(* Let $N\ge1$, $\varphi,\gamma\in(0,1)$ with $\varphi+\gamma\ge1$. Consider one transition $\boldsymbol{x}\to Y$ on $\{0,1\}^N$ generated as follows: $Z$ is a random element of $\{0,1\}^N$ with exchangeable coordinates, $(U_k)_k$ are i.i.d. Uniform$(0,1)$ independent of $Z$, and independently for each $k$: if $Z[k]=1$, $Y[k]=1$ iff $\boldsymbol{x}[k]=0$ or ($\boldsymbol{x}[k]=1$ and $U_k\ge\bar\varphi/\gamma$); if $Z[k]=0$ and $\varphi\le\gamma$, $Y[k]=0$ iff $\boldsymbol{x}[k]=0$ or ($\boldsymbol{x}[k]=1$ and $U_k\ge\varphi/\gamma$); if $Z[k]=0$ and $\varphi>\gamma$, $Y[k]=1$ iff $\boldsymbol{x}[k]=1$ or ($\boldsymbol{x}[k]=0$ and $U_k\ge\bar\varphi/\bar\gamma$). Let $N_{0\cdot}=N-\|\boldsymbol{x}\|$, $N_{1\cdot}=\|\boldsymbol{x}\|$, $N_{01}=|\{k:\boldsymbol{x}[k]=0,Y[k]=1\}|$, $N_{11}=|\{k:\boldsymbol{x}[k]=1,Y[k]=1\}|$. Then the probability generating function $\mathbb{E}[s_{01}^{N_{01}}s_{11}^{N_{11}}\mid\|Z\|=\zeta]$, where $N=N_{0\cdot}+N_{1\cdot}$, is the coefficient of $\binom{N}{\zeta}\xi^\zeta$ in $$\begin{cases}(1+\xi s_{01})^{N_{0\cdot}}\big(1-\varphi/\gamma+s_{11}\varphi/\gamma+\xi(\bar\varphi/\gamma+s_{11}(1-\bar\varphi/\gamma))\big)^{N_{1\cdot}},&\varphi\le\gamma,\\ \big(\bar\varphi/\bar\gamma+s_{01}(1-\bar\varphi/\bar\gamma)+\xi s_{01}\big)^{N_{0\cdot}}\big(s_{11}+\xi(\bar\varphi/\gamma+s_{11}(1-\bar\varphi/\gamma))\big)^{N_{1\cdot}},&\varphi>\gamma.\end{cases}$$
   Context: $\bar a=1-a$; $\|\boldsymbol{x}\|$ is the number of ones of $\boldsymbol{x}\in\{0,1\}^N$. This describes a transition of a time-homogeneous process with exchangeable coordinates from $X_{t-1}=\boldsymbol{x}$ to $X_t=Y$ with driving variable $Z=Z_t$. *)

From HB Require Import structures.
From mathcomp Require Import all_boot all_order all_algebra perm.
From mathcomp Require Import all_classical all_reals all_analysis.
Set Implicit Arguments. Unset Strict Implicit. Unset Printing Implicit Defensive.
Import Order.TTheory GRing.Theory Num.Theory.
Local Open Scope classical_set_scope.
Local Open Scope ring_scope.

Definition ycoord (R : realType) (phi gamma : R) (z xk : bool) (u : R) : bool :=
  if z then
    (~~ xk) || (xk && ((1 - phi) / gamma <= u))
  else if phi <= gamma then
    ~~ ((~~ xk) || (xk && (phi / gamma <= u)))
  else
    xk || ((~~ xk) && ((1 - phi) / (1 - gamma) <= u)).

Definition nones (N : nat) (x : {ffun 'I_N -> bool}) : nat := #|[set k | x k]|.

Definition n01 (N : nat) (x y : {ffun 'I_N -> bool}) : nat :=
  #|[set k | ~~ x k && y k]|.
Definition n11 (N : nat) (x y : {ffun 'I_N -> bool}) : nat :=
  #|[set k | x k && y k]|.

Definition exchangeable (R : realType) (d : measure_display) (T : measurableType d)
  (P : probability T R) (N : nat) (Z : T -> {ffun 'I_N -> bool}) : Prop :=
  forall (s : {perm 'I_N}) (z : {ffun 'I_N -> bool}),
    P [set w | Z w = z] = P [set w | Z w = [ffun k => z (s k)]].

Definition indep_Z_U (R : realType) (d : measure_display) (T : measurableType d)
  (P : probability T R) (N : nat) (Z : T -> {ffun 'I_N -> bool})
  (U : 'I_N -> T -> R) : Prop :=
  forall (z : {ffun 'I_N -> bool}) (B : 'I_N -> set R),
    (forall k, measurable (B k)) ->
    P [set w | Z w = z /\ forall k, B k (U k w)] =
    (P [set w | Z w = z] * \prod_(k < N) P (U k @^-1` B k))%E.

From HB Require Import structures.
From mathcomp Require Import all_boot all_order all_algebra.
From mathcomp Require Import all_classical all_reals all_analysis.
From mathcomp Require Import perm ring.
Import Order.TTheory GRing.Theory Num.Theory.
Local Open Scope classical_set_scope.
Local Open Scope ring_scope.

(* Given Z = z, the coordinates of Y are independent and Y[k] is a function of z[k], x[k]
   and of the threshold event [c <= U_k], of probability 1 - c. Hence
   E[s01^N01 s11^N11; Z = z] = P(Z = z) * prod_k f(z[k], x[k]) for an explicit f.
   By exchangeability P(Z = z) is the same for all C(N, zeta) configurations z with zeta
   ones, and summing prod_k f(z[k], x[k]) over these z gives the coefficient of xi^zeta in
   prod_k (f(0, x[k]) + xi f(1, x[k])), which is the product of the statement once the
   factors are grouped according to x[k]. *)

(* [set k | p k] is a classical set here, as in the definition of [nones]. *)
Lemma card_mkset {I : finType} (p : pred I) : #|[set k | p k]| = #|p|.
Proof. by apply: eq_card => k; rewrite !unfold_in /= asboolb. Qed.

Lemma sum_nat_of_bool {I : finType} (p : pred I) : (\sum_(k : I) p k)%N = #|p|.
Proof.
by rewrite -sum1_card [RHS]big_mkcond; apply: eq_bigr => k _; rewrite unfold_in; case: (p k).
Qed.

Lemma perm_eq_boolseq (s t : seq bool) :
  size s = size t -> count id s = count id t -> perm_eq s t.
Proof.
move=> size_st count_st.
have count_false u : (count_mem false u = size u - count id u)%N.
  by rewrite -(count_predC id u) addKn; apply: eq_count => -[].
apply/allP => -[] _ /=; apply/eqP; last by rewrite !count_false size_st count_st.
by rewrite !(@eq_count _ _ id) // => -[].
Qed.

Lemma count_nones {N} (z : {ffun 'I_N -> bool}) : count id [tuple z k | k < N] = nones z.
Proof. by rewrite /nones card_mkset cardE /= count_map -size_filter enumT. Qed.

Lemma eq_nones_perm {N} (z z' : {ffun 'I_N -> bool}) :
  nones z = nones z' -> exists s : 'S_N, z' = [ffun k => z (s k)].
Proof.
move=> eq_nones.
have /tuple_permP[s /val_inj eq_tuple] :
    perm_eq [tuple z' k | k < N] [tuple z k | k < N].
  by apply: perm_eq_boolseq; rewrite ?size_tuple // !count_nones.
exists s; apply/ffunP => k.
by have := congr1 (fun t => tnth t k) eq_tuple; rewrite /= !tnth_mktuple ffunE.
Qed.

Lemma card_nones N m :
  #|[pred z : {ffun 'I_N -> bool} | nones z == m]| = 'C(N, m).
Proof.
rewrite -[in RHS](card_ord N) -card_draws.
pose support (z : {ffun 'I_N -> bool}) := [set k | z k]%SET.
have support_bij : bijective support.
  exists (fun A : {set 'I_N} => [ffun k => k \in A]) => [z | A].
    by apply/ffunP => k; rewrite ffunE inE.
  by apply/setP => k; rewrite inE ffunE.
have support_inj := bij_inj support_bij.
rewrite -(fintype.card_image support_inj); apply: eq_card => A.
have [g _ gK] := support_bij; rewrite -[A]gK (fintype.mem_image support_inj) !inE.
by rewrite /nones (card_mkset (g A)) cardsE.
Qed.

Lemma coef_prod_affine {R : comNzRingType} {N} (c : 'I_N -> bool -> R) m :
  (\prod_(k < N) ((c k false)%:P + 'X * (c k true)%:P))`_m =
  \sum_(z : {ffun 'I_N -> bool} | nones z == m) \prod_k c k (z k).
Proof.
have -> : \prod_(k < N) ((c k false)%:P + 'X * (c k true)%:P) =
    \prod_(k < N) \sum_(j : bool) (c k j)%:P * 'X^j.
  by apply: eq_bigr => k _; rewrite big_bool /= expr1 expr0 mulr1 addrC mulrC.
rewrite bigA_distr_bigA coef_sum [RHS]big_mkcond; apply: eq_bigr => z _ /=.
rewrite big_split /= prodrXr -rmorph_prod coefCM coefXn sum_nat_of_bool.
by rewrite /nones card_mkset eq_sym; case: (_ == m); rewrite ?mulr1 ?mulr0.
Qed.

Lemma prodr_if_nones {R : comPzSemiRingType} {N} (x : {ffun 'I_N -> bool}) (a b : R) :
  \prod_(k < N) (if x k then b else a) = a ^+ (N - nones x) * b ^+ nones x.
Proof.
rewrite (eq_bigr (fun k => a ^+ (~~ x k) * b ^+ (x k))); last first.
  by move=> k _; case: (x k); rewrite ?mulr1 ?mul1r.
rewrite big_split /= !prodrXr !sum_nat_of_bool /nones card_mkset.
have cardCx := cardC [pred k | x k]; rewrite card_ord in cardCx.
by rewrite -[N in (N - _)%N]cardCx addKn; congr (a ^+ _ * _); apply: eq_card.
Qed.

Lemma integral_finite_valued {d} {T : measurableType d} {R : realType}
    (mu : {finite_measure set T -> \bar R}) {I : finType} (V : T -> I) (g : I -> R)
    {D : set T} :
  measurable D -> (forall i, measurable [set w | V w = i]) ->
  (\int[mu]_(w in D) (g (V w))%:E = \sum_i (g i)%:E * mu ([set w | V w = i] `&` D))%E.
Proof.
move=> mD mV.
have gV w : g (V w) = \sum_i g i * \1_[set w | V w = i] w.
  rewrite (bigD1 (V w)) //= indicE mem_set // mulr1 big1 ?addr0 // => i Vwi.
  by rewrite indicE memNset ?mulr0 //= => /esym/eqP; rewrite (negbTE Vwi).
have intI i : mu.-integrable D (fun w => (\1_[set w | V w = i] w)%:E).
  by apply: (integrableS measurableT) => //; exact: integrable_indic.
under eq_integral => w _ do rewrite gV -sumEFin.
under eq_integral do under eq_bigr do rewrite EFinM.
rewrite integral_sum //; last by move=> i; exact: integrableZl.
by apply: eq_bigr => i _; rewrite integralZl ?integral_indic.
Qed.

--

Copy each line in the entries above where "ffunE" turns up.

→ RESPONSE AREA
by have := congr1 (fun t => tnth t k) eq_tuple; rewrite /= !tnth_mktuple ffunE.
    by apply/ffunP => k; rewrite ffunE inE.
  by apply/setP => k; rewrite inE ffunE.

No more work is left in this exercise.